- ASSIGNMENT
The lines to retype are the one with "ip y x z = cj (ip x y z) /\" and all that follow it to the end of the entries below; copy them exactly and nothing else.

- SUPPLIED DATA
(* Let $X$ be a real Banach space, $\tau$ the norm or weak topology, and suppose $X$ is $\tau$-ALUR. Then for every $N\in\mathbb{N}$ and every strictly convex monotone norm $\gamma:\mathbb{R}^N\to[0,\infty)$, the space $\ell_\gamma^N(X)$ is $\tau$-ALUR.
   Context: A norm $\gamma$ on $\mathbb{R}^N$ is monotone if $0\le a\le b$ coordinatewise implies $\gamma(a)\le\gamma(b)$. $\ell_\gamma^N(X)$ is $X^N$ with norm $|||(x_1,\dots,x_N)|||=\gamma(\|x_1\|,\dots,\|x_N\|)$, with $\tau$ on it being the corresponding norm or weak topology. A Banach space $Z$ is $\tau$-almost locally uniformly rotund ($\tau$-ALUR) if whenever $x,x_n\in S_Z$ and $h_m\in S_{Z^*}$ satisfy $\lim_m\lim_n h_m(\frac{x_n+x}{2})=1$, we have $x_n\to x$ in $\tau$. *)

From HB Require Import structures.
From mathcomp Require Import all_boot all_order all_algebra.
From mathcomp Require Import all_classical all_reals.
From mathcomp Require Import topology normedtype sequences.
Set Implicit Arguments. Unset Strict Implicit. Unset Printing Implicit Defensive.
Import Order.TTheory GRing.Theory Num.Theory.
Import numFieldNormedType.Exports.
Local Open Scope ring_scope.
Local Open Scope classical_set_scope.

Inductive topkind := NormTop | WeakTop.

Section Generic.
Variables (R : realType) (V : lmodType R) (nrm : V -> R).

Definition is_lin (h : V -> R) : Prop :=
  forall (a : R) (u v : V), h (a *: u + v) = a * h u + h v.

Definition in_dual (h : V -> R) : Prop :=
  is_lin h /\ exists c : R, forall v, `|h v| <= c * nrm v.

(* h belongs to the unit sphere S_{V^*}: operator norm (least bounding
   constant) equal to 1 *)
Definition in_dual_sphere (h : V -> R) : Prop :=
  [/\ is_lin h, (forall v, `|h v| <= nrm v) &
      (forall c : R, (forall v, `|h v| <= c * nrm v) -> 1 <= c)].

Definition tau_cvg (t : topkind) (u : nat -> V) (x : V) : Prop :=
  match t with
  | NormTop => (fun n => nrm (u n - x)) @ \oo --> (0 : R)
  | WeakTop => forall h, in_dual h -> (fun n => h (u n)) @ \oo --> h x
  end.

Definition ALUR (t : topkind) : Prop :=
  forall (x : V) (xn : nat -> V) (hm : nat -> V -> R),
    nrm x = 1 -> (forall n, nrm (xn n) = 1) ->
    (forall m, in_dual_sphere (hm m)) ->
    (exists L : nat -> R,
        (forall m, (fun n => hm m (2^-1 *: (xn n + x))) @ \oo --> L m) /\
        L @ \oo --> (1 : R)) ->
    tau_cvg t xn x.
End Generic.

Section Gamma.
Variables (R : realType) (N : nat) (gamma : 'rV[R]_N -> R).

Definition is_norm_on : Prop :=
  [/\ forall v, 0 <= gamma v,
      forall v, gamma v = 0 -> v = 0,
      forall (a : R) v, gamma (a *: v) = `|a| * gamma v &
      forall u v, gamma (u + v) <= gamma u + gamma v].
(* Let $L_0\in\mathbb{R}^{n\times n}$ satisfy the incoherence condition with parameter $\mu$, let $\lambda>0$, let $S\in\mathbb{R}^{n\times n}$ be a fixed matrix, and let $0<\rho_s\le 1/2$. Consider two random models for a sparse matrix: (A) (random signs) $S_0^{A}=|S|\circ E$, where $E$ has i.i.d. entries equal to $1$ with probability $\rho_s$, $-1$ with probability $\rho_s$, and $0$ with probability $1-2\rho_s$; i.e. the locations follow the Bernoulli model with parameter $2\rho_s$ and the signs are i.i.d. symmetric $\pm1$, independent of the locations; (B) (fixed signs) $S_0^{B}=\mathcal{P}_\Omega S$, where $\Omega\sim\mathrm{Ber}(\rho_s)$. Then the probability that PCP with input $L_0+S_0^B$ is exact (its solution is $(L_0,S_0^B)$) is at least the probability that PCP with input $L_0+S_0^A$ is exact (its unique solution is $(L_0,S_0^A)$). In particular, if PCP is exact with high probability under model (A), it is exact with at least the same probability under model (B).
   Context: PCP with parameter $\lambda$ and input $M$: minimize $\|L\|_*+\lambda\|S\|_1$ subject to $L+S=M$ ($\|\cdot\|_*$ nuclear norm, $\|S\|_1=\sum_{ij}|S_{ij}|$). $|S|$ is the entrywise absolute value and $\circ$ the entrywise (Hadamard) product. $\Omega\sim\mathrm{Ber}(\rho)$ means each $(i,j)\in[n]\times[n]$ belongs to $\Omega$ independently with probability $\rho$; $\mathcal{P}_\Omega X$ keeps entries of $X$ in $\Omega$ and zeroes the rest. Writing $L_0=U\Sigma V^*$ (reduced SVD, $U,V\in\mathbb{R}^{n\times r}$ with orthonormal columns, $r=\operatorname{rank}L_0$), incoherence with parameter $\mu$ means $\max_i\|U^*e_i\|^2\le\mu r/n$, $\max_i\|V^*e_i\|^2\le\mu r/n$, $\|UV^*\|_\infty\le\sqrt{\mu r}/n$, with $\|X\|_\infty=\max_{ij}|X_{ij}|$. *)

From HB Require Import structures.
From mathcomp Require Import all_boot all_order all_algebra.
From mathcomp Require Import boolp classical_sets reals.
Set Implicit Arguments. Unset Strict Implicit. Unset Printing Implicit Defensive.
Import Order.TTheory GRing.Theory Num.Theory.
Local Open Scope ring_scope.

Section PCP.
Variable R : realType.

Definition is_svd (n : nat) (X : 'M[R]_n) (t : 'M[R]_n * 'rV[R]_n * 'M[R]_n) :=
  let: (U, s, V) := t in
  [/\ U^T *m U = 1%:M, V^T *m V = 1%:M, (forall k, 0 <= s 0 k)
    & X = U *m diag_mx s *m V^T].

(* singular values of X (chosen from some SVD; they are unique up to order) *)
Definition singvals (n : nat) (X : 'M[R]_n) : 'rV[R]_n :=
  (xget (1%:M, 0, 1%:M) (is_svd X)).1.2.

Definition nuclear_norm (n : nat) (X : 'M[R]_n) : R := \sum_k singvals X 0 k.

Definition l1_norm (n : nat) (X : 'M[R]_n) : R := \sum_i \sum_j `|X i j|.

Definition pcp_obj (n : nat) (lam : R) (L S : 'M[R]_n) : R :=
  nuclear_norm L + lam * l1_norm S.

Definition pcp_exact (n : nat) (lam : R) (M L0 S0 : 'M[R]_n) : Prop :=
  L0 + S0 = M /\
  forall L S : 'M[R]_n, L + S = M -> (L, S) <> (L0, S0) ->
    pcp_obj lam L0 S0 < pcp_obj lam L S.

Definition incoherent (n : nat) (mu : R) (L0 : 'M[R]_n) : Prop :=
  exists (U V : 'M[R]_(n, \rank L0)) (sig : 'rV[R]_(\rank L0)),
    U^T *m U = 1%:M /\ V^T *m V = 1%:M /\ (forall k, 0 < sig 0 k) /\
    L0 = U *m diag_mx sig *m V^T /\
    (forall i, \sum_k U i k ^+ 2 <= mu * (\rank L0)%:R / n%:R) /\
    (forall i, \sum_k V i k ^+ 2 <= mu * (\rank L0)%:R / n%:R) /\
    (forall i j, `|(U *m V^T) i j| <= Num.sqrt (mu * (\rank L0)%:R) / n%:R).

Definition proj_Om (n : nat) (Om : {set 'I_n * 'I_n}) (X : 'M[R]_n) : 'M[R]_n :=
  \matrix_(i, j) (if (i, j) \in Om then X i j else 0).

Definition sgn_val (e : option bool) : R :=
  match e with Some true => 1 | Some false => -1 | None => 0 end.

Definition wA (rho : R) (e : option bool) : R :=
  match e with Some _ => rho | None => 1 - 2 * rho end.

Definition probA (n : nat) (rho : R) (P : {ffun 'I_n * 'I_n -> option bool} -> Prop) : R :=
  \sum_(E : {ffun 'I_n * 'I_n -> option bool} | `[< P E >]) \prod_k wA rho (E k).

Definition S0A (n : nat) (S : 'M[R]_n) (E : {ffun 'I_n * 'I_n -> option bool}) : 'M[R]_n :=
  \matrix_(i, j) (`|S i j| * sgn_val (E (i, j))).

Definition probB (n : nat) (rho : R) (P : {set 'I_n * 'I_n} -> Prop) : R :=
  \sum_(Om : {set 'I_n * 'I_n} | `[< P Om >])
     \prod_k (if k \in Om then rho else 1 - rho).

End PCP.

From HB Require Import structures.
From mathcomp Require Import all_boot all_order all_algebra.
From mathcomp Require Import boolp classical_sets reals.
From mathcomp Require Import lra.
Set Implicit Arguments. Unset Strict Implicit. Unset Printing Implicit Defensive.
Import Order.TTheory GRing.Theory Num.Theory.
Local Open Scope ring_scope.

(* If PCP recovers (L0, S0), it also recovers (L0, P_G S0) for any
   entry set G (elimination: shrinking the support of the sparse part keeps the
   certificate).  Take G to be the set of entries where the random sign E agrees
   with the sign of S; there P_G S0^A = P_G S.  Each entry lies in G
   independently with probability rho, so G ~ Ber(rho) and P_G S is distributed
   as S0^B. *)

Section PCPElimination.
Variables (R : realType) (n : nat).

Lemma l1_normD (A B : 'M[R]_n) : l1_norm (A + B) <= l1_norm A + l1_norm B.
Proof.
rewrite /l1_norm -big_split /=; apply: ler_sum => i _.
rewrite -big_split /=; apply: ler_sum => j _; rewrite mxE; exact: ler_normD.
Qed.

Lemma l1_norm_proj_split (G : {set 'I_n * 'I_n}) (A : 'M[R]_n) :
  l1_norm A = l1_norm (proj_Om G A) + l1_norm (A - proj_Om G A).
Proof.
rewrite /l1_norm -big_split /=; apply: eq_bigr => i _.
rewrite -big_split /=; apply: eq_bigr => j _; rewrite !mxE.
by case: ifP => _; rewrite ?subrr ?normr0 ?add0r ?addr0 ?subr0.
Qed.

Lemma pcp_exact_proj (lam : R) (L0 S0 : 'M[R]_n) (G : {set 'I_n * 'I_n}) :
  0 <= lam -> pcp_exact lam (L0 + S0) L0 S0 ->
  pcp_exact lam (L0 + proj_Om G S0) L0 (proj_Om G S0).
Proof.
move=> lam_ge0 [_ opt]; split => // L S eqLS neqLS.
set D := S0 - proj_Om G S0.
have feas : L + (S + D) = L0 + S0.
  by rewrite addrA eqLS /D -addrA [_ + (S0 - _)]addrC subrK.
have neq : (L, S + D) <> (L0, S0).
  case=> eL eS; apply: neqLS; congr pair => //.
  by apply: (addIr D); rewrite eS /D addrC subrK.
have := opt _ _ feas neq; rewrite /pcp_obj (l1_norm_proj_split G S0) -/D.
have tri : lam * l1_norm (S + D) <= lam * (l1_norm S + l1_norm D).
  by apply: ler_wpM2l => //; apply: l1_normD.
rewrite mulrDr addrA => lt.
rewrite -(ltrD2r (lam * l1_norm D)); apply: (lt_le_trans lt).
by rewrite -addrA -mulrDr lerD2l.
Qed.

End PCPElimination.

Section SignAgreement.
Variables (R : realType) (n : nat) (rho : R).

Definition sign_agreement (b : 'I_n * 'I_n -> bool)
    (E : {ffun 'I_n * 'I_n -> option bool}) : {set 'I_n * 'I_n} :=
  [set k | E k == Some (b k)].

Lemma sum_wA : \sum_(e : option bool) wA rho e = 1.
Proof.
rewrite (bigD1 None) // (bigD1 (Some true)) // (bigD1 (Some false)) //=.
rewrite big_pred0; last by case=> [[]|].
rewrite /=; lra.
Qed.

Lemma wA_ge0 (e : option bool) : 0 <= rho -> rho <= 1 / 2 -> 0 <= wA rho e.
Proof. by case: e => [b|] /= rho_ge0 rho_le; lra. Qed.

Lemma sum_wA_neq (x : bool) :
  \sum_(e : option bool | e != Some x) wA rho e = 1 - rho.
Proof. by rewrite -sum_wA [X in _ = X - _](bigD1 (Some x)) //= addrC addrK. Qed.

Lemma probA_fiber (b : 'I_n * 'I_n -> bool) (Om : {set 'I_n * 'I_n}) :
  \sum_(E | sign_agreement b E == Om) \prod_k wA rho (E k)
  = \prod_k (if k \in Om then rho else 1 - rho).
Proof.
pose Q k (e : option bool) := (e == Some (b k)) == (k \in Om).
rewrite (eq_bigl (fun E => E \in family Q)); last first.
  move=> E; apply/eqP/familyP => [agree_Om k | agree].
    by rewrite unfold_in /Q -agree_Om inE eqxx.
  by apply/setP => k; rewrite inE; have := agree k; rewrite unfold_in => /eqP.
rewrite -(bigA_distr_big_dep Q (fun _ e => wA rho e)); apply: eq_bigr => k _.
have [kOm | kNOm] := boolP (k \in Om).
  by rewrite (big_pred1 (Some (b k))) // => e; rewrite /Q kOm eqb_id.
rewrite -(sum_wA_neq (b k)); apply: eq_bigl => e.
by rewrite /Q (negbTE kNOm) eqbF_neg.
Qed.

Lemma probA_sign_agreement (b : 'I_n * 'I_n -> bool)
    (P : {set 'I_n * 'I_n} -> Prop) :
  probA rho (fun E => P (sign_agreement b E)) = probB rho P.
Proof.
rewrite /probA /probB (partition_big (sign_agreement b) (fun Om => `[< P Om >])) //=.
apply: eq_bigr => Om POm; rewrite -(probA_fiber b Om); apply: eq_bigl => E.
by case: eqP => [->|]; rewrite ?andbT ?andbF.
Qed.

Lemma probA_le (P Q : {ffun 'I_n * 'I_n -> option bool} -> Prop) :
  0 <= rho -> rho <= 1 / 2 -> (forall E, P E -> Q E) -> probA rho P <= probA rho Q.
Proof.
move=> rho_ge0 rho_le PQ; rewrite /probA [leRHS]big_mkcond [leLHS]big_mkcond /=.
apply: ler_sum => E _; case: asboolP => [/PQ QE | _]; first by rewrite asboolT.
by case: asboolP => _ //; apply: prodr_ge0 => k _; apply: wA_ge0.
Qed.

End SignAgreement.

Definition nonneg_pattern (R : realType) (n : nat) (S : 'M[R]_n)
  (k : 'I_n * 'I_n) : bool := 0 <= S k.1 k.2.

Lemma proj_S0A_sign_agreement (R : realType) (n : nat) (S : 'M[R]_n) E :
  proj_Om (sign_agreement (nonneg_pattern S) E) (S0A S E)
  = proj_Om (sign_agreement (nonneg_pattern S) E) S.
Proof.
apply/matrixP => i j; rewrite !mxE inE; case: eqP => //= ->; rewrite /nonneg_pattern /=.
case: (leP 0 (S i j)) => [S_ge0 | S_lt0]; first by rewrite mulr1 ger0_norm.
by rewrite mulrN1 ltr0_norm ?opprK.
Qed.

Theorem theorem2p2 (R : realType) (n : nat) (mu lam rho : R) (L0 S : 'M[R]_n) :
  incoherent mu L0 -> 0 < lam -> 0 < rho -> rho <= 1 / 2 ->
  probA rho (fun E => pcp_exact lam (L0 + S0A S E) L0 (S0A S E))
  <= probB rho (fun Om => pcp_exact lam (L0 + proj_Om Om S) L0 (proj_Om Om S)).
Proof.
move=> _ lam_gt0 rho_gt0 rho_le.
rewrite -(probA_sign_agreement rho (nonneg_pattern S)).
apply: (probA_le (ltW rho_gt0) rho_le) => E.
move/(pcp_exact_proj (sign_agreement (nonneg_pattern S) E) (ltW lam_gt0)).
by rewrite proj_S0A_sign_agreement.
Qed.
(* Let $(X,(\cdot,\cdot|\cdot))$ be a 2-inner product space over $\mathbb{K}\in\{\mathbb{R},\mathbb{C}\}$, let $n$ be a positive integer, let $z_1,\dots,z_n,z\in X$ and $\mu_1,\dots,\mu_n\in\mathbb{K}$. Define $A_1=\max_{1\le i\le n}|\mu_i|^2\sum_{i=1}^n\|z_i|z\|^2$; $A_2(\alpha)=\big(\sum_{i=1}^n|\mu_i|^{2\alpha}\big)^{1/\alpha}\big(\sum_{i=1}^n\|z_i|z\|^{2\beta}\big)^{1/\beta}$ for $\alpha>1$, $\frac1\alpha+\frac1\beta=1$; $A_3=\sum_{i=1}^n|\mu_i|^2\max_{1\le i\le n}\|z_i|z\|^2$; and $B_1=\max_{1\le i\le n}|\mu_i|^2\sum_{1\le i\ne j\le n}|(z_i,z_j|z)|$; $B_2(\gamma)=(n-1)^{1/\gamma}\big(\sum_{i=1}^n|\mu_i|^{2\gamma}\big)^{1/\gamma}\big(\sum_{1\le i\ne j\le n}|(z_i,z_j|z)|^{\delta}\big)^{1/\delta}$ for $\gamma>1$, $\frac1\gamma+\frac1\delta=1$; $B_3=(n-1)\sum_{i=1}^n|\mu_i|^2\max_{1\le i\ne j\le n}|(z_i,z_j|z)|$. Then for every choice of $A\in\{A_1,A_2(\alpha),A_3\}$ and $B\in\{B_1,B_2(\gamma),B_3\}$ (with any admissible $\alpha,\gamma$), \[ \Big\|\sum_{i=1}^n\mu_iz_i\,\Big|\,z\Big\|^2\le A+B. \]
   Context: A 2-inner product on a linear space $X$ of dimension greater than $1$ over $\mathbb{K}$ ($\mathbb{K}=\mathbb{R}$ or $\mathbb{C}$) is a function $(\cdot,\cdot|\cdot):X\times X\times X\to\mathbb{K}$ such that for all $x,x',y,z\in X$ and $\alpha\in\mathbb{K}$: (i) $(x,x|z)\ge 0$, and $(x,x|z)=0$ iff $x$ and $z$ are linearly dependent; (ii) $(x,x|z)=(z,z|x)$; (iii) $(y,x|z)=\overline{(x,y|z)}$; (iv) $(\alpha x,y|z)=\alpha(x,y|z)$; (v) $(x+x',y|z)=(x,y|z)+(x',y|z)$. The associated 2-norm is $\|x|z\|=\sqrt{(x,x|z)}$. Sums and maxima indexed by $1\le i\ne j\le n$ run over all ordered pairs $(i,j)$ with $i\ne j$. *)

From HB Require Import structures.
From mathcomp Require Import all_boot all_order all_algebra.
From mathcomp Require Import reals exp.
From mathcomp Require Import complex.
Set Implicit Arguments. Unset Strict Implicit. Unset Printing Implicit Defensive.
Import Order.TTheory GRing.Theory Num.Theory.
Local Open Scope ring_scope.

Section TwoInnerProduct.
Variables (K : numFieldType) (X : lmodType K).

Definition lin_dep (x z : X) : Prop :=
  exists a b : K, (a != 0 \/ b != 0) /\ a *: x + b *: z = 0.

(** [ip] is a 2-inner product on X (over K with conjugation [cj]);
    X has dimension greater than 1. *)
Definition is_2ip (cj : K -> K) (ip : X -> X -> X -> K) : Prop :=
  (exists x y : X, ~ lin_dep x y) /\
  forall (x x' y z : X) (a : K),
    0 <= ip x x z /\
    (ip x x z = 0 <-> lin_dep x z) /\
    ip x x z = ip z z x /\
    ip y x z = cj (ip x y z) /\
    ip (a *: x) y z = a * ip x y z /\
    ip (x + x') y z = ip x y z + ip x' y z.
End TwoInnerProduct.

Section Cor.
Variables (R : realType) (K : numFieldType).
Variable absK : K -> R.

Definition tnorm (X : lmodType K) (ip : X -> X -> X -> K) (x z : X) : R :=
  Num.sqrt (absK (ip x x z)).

- YOUR RESPONSE
    ip y x z = cj (ip x y z) /\
    ip (a *: x) y z = a * ip x y z /\
    ip (x + x') y z = ip x y z + ip x' y z.
End TwoInnerProduct.

Section Cor.
Variables (R : realType) (K : numFieldType).
Variable absK : K -> R.

Definition tnorm (X : lmodType K) (ip : X -> X -> X -> K) (x z : X) : R :=
  Num.sqrt (absK (ip x x z)).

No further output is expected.